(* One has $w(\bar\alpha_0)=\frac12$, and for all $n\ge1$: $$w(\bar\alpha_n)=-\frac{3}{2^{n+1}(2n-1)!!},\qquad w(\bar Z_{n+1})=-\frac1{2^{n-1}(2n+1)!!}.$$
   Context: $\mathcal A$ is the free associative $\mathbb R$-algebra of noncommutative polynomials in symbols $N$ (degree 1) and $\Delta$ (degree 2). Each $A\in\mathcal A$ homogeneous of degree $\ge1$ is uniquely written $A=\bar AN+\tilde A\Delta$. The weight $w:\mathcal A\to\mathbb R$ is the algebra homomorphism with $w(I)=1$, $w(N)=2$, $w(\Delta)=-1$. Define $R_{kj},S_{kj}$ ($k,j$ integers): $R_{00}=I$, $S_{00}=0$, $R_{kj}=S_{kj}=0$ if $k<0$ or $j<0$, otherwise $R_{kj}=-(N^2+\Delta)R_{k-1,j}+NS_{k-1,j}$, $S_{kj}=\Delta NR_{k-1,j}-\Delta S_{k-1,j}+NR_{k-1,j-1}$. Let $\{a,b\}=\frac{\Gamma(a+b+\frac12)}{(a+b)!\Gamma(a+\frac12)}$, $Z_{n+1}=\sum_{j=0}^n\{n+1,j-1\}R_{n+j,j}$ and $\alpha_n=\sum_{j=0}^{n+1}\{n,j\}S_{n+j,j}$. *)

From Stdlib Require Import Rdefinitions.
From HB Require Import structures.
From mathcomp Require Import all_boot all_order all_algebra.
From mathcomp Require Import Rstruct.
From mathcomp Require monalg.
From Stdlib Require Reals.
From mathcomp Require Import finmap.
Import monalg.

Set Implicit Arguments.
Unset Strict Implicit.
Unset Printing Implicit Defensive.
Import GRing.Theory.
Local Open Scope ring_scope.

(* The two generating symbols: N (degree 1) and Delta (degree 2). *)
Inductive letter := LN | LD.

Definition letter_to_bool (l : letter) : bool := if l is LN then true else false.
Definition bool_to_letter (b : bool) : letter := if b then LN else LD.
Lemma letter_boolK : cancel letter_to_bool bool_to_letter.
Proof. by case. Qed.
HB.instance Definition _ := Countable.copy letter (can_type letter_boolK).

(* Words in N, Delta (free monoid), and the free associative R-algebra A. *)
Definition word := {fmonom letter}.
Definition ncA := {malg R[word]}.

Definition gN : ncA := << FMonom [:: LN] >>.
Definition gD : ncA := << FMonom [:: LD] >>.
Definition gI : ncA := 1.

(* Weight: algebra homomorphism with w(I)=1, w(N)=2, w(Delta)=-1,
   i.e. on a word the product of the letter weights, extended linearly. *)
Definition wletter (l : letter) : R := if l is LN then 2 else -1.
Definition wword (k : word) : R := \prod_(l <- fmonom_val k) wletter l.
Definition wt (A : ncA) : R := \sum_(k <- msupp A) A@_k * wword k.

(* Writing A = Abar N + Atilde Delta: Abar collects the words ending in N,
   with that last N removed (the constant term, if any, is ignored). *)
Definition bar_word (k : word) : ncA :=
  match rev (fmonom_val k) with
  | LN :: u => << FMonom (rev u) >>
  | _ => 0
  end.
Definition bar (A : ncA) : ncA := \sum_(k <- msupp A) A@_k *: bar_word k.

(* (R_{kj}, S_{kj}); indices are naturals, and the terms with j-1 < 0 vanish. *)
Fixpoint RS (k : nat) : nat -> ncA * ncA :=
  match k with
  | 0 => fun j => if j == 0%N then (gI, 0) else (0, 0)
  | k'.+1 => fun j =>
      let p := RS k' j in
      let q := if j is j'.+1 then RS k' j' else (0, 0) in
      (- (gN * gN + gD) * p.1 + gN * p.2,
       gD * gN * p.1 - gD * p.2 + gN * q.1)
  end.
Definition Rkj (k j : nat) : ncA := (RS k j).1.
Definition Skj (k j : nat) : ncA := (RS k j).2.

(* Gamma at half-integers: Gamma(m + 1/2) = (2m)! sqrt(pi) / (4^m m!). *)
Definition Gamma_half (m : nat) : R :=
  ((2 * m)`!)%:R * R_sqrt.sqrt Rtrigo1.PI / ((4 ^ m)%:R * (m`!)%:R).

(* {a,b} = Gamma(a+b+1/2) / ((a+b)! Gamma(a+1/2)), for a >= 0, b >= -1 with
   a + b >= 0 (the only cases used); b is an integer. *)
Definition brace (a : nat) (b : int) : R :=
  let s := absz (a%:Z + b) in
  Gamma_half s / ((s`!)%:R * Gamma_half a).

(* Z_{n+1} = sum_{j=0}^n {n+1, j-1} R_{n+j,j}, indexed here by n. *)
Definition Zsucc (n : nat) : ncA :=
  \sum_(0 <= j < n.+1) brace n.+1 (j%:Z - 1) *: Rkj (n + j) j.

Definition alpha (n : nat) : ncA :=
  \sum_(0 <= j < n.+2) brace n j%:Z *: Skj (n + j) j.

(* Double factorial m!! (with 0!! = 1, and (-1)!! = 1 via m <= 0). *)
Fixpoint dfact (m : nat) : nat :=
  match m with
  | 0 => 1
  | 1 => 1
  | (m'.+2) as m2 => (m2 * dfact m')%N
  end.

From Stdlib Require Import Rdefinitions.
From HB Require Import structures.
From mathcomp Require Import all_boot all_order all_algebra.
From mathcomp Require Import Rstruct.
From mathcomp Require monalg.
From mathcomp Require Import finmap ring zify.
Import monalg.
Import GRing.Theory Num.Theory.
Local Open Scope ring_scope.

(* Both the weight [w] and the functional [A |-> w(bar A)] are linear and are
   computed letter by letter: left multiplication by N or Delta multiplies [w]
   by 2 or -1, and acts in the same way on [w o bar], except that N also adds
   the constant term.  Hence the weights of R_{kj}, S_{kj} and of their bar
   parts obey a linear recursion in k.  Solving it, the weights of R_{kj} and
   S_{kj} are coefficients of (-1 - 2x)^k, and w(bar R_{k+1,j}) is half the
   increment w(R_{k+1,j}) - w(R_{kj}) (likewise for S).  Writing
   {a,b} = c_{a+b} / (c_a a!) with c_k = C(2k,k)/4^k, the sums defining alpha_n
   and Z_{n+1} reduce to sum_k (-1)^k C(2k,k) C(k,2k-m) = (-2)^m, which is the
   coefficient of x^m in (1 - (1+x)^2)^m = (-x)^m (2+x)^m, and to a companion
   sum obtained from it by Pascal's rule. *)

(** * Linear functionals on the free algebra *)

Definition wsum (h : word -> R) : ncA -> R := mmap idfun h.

------------

• _Requirement_:
The listing above is to be transcribed in full, with no line omitted.

• _Answer section_:
(* One has $w(\bar\alpha_0)=\frac12$, and for all $n\ge1$: $$w(\bar\alpha_n)=-\frac{3}{2^{n+1}(2n-1)!!},\qquad w(\bar Z_{n+1})=-\frac1{2^{n-1}(2n+1)!!}.$$
   Context: $\mathcal A$ is the free associative $\mathbb R$-algebra of noncommutative polynomials in symbols $N$ (degree 1) and $\Delta$ (degree 2). Each $A\in\mathcal A$ homogeneous of degree $\ge1$ is uniquely written $A=\bar AN+\tilde A\Delta$. The weight $w:\mathcal A\to\mathbb R$ is the algebra homomorphism with $w(I)=1$, $w(N)=2$, $w(\Delta)=-1$. Define $R_{kj},S_{kj}$ ($k,j$ integers): $R_{00}=I$, $S_{00}=0$, $R_{kj}=S_{kj}=0$ if $k<0$ or $j<0$, otherwise $R_{kj}=-(N^2+\Delta)R_{k-1,j}+NS_{k-1,j}$, $S_{kj}=\Delta NR_{k-1,j}-\Delta S_{k-1,j}+NR_{k-1,j-1}$. Let $\{a,b\}=\frac{\Gamma(a+b+\frac12)}{(a+b)!\Gamma(a+\frac12)}$, $Z_{n+1}=\sum_{j=0}^n\{n+1,j-1\}R_{n+j,j}$ and $\alpha_n=\sum_{j=0}^{n+1}\{n,j\}S_{n+j,j}$. *)

From Stdlib Require Import Rdefinitions.
From HB Require Import structures.
From mathcomp Require Import all_boot all_order all_algebra.
From mathcomp Require Import Rstruct.
From mathcomp Require monalg.
From Stdlib Require Reals.
From mathcomp Require Import finmap.
Import monalg.

Set Implicit Arguments.
Unset Strict Implicit.
Unset Printing Implicit Defensive.
Import GRing.Theory.
Local Open Scope ring_scope.

(* The two generating symbols: N (degree 1) and Delta (degree 2). *)
Inductive letter := LN | LD.

Definition letter_to_bool (l : letter) : bool := if l is LN then true else false.
Definition bool_to_letter (b : bool) : letter := if b then LN else LD.
Lemma letter_boolK : cancel letter_to_bool bool_to_letter.
Proof. by case. Qed.
HB.instance Definition _ := Countable.copy letter (can_type letter_boolK).

(* Words in N, Delta (free monoid), and the free associative R-algebra A. *)
Definition word := {fmonom letter}.
Definition ncA := {malg R[word]}.

Definition gN : ncA := << FMonom [:: LN] >>.
Definition gD : ncA := << FMonom [:: LD] >>.
Definition gI : ncA := 1.

(* Weight: algebra homomorphism with w(I)=1, w(N)=2, w(Delta)=-1,
   i.e. on a word the product of the letter weights, extended linearly. *)
Definition wletter (l : letter) : R := if l is LN then 2 else -1.
Definition wword (k : word) : R := \prod_(l <- fmonom_val k) wletter l.
Definition wt (A : ncA) : R := \sum_(k <- msupp A) A@_k * wword k.

(* Writing A = Abar N + Atilde Delta: Abar collects the words ending in N,
   with that last N removed (the constant term, if any, is ignored). *)
Definition bar_word (k : word) : ncA :=
  match rev (fmonom_val k) with
  | LN :: u => << FMonom (rev u) >>
  | _ => 0
  end.
Definition bar (A : ncA) : ncA := \sum_(k <- msupp A) A@_k *: bar_word k.

(* (R_{kj}, S_{kj}); indices are naturals, and the terms with j-1 < 0 vanish. *)
Fixpoint RS (k : nat) : nat -> ncA * ncA :=
  match k with
  | 0 => fun j => if j == 0%N then (gI, 0) else (0, 0)
  | k'.+1 => fun j =>
      let p := RS k' j in
      let q := if j is j'.+1 then RS k' j' else (0, 0) in
      (- (gN * gN + gD) * p.1 + gN * p.2,
       gD * gN * p.1 - gD * p.2 + gN * q.1)
  end.
Definition Rkj (k j : nat) : ncA := (RS k j).1.
Definition Skj (k j : nat) : ncA := (RS k j).2.

(* Gamma at half-integers: Gamma(m + 1/2) = (2m)! sqrt(pi) / (4^m m!). *)
Definition Gamma_half (m : nat) : R :=
  ((2 * m)`!)%:R * R_sqrt.sqrt Rtrigo1.PI / ((4 ^ m)%:R * (m`!)%:R).

(* {a,b} = Gamma(a+b+1/2) / ((a+b)! Gamma(a+1/2)), for a >= 0, b >= -1 with
   a + b >= 0 (the only cases used); b is an integer. *)
Definition brace (a : nat) (b : int) : R :=
  let s := absz (a%:Z + b) in
  Gamma_half s / ((s`!)%:R * Gamma_half a).

(* Z_{n+1} = sum_{j=0}^n {n+1, j-1} R_{n+j,j}, indexed here by n. *)
Definition Zsucc (n : nat) : ncA :=
  \sum_(0 <= j < n.+1) brace n.+1 (j%:Z - 1) *: Rkj (n + j) j.

Definition alpha (n : nat) : ncA :=
  \sum_(0 <= j < n.+2) brace n j%:Z *: Skj (n + j) j.

(* Double factorial m!! (with 0!! = 1, and (-1)!! = 1 via m <= 0). *)
Fixpoint dfact (m : nat) : nat :=
  match m with
  | 0 => 1
  | 1 => 1
  | (m'.+2) as m2 => (m2 * dfact m')%N
  end.

From Stdlib Require Import Rdefinitions.
From HB Require Import structures.
From mathcomp Require Import all_boot all_order all_algebra.
From mathcomp Require Import Rstruct.
From mathcomp Require monalg.
From mathcomp Require Import finmap ring zify.
Import monalg.
Import GRing.Theory Num.Theory.
Local Open Scope ring_scope.

(* Both the weight [w] and the functional [A |-> w(bar A)] are linear and are
   computed letter by letter: left multiplication by N or Delta multiplies [w]
   by 2 or -1, and acts in the same way on [w o bar], except that N also adds
   the constant term.  Hence the weights of R_{kj}, S_{kj} and of their bar
   parts obey a linear recursion in k.  Solving it, the weights of R_{kj} and
   S_{kj} are coefficients of (-1 - 2x)^k, and w(bar R_{k+1,j}) is half the
   increment w(R_{k+1,j}) - w(R_{kj}) (likewise for S).  Writing
   {a,b} = c_{a+b} / (c_a a!) with c_k = C(2k,k)/4^k, the sums defining alpha_n
   and Z_{n+1} reduce to sum_k (-1)^k C(2k,k) C(k,2k-m) = (-2)^m, which is the
   coefficient of x^m in (1 - (1+x)^2)^m = (-x)^m (2+x)^m, and to a companion
   sum obtained from it by Pascal's rule. *)

(** * Linear functionals on the free algebra *)

Definition wsum (h : word -> R) : ncA -> R := mmap idfun h.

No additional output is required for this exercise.